Extract from the entries below, exactly as given, only the lines from the line containing "(* closed clockwise" to the line containing "e :&: cint (wc", both lines included.

▼

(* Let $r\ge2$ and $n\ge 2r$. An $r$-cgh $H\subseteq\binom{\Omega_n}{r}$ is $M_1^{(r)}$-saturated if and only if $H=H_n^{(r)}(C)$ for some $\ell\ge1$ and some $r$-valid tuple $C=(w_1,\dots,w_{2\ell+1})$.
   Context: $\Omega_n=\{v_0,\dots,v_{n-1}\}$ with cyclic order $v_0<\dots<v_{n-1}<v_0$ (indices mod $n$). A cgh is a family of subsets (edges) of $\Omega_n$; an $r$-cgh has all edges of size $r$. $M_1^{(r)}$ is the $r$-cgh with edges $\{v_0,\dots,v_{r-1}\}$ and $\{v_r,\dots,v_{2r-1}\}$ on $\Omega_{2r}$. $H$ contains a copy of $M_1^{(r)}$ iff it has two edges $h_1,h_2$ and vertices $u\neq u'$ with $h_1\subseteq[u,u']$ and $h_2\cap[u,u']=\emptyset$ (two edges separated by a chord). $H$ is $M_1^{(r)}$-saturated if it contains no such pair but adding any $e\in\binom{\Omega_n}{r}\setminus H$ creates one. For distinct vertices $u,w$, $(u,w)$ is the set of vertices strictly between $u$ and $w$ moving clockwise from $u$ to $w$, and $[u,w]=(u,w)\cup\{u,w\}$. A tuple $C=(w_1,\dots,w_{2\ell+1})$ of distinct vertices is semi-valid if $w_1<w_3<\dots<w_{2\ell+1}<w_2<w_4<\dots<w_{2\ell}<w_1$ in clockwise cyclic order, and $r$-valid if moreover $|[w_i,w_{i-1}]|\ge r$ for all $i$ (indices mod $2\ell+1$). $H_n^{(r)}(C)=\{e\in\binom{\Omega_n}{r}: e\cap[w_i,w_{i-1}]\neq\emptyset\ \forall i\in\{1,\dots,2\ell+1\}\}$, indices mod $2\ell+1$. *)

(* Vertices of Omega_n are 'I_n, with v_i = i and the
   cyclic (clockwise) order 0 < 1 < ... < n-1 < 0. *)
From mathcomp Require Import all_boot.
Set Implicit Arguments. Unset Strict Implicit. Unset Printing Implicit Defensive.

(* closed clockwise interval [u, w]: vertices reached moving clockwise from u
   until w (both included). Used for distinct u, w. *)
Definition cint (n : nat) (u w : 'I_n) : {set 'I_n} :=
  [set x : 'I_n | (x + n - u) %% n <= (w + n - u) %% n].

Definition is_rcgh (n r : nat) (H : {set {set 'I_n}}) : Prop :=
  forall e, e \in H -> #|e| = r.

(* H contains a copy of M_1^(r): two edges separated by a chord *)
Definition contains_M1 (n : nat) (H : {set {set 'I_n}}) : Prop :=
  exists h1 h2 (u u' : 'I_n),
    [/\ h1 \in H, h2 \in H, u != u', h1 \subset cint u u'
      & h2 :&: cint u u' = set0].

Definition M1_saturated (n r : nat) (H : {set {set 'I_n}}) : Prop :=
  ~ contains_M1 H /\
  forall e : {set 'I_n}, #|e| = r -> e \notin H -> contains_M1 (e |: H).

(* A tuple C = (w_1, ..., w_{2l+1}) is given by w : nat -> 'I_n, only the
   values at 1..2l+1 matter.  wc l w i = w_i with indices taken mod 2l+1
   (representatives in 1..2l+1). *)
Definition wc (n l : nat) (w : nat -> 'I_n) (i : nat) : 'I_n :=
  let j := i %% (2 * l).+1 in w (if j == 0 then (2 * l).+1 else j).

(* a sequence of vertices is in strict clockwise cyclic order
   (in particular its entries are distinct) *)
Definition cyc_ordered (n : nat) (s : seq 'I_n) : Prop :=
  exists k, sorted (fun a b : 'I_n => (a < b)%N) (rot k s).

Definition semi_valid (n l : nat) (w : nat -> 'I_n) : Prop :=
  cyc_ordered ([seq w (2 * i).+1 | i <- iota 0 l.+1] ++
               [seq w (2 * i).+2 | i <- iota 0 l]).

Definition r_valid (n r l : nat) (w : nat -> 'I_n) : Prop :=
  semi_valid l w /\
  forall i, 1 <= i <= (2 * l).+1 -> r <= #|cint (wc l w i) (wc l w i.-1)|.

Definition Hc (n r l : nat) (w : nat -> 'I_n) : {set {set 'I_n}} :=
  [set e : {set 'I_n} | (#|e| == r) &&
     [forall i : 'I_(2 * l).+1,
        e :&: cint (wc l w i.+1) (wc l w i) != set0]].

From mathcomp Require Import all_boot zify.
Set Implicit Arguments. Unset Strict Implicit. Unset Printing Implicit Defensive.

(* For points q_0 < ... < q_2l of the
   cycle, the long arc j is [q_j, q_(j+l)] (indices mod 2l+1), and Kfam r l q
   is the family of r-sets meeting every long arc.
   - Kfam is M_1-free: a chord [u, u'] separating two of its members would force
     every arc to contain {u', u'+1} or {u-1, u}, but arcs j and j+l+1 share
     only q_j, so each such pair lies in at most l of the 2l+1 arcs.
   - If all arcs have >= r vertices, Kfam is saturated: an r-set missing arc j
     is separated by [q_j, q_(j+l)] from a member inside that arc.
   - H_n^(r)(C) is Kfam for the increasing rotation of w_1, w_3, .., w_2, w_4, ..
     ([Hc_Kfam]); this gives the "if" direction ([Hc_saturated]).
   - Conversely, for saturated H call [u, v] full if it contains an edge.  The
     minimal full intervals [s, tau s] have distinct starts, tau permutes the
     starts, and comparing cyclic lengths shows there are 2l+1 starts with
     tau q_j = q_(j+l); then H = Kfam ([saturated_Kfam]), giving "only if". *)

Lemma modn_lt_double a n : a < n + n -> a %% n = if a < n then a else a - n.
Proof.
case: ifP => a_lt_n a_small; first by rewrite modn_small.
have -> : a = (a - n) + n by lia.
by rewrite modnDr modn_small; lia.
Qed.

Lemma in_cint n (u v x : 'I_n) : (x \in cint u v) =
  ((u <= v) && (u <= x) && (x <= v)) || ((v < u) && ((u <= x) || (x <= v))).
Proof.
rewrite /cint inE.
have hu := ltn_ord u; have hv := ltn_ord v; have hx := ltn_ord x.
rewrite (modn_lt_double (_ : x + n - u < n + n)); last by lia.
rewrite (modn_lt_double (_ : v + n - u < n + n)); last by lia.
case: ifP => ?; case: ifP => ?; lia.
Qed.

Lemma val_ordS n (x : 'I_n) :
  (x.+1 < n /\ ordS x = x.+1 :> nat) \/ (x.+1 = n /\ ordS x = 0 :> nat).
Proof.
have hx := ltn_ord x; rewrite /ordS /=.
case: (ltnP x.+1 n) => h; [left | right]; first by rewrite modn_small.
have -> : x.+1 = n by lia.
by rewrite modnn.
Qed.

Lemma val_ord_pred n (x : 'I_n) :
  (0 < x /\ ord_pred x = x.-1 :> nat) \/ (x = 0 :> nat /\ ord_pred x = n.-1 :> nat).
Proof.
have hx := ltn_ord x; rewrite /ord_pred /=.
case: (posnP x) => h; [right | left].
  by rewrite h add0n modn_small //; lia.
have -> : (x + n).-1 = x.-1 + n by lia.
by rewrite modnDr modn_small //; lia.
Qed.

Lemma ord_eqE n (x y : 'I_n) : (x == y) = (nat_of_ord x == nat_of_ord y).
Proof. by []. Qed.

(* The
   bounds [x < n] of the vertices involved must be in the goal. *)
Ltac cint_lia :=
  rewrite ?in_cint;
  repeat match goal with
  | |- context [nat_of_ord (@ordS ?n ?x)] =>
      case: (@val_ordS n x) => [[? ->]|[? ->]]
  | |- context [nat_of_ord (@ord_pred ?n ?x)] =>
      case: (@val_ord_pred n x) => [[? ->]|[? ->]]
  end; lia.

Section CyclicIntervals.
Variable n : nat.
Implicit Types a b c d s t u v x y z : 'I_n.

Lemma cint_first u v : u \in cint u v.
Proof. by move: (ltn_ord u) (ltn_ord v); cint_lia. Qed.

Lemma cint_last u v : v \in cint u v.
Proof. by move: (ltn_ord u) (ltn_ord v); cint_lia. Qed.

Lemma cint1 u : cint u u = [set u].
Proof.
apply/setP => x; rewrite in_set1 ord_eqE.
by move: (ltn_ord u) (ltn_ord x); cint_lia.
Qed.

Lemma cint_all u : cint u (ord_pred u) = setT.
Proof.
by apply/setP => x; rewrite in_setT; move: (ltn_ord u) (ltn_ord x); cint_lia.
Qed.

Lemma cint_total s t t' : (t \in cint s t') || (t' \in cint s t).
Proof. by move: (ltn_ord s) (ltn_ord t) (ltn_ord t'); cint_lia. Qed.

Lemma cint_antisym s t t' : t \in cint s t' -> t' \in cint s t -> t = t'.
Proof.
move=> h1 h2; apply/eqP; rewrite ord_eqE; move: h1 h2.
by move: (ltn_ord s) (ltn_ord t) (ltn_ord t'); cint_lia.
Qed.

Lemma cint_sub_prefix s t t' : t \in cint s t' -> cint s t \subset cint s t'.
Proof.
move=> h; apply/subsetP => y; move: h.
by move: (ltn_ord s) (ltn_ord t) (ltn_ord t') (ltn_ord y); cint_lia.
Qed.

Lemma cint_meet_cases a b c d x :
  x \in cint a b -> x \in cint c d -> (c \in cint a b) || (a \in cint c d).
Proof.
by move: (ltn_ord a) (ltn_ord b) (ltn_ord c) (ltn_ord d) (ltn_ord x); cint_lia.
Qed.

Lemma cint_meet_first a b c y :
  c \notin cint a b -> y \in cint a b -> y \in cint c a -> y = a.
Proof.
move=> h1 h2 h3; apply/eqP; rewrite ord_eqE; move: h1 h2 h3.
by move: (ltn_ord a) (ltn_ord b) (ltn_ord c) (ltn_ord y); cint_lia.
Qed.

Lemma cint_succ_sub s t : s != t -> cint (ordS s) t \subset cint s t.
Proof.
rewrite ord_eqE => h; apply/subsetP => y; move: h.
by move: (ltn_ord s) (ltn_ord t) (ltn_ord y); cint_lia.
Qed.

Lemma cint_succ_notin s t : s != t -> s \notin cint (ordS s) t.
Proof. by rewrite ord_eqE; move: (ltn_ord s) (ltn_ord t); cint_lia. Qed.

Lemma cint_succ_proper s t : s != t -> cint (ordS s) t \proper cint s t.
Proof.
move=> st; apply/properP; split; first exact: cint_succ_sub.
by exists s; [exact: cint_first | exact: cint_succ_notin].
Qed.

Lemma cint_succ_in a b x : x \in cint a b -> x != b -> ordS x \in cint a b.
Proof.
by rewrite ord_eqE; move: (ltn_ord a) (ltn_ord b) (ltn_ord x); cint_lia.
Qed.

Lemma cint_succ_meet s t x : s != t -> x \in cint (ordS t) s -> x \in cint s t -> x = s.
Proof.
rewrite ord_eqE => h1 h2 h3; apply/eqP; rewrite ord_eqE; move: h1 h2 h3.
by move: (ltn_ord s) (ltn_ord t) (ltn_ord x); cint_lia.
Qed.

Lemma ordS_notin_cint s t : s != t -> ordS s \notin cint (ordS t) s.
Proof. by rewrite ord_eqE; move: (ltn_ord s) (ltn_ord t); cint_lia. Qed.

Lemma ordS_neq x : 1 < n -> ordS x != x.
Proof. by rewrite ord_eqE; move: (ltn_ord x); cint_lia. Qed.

▲

**Reply:**
(* closed clockwise interval [u, w]: vertices reached moving clockwise from u
   until w (both included). Used for distinct u, w. *)
Definition cint (n : nat) (u w : 'I_n) : {set 'I_n} :=
  [set x : 'I_n | (x + n - u) %% n <= (w + n - u) %% n].

Definition is_rcgh (n r : nat) (H : {set {set 'I_n}}) : Prop :=
  forall e, e \in H -> #|e| = r.

(* H contains a copy of M_1^(r): two edges separated by a chord *)
Definition contains_M1 (n : nat) (H : {set {set 'I_n}}) : Prop :=
  exists h1 h2 (u u' : 'I_n),
    [/\ h1 \in H, h2 \in H, u != u', h1 \subset cint u u'
      & h2 :&: cint u u' = set0].

Definition M1_saturated (n r : nat) (H : {set {set 'I_n}}) : Prop :=
  ~ contains_M1 H /\
  forall e : {set 'I_n}, #|e| = r -> e \notin H -> contains_M1 (e |: H).

(* A tuple C = (w_1, ..., w_{2l+1}) is given by w : nat -> 'I_n, only the
   values at 1..2l+1 matter.  wc l w i = w_i with indices taken mod 2l+1
   (representatives in 1..2l+1). *)
Definition wc (n l : nat) (w : nat -> 'I_n) (i : nat) : 'I_n :=
  let j := i %% (2 * l).+1 in w (if j == 0 then (2 * l).+1 else j).

(* a sequence of vertices is in strict clockwise cyclic order
   (in particular its entries are distinct) *)
Definition cyc_ordered (n : nat) (s : seq 'I_n) : Prop :=
  exists k, sorted (fun a b : 'I_n => (a < b)%N) (rot k s).

Definition semi_valid (n l : nat) (w : nat -> 'I_n) : Prop :=
  cyc_ordered ([seq w (2 * i).+1 | i <- iota 0 l.+1] ++
               [seq w (2 * i).+2 | i <- iota 0 l]).

Definition r_valid (n r l : nat) (w : nat -> 'I_n) : Prop :=
  semi_valid l w /\
  forall i, 1 <= i <= (2 * l).+1 -> r <= #|cint (wc l w i) (wc l w i.-1)|.

Definition Hc (n r l : nat) (w : nat -> 'I_n) : {set {set 'I_n}} :=
  [set e : {set 'I_n} | (#|e| == r) &&
     [forall i : 'I_(2 * l).+1,
        e :&: cint (wc l w i.+1) (wc l w i) != set0]].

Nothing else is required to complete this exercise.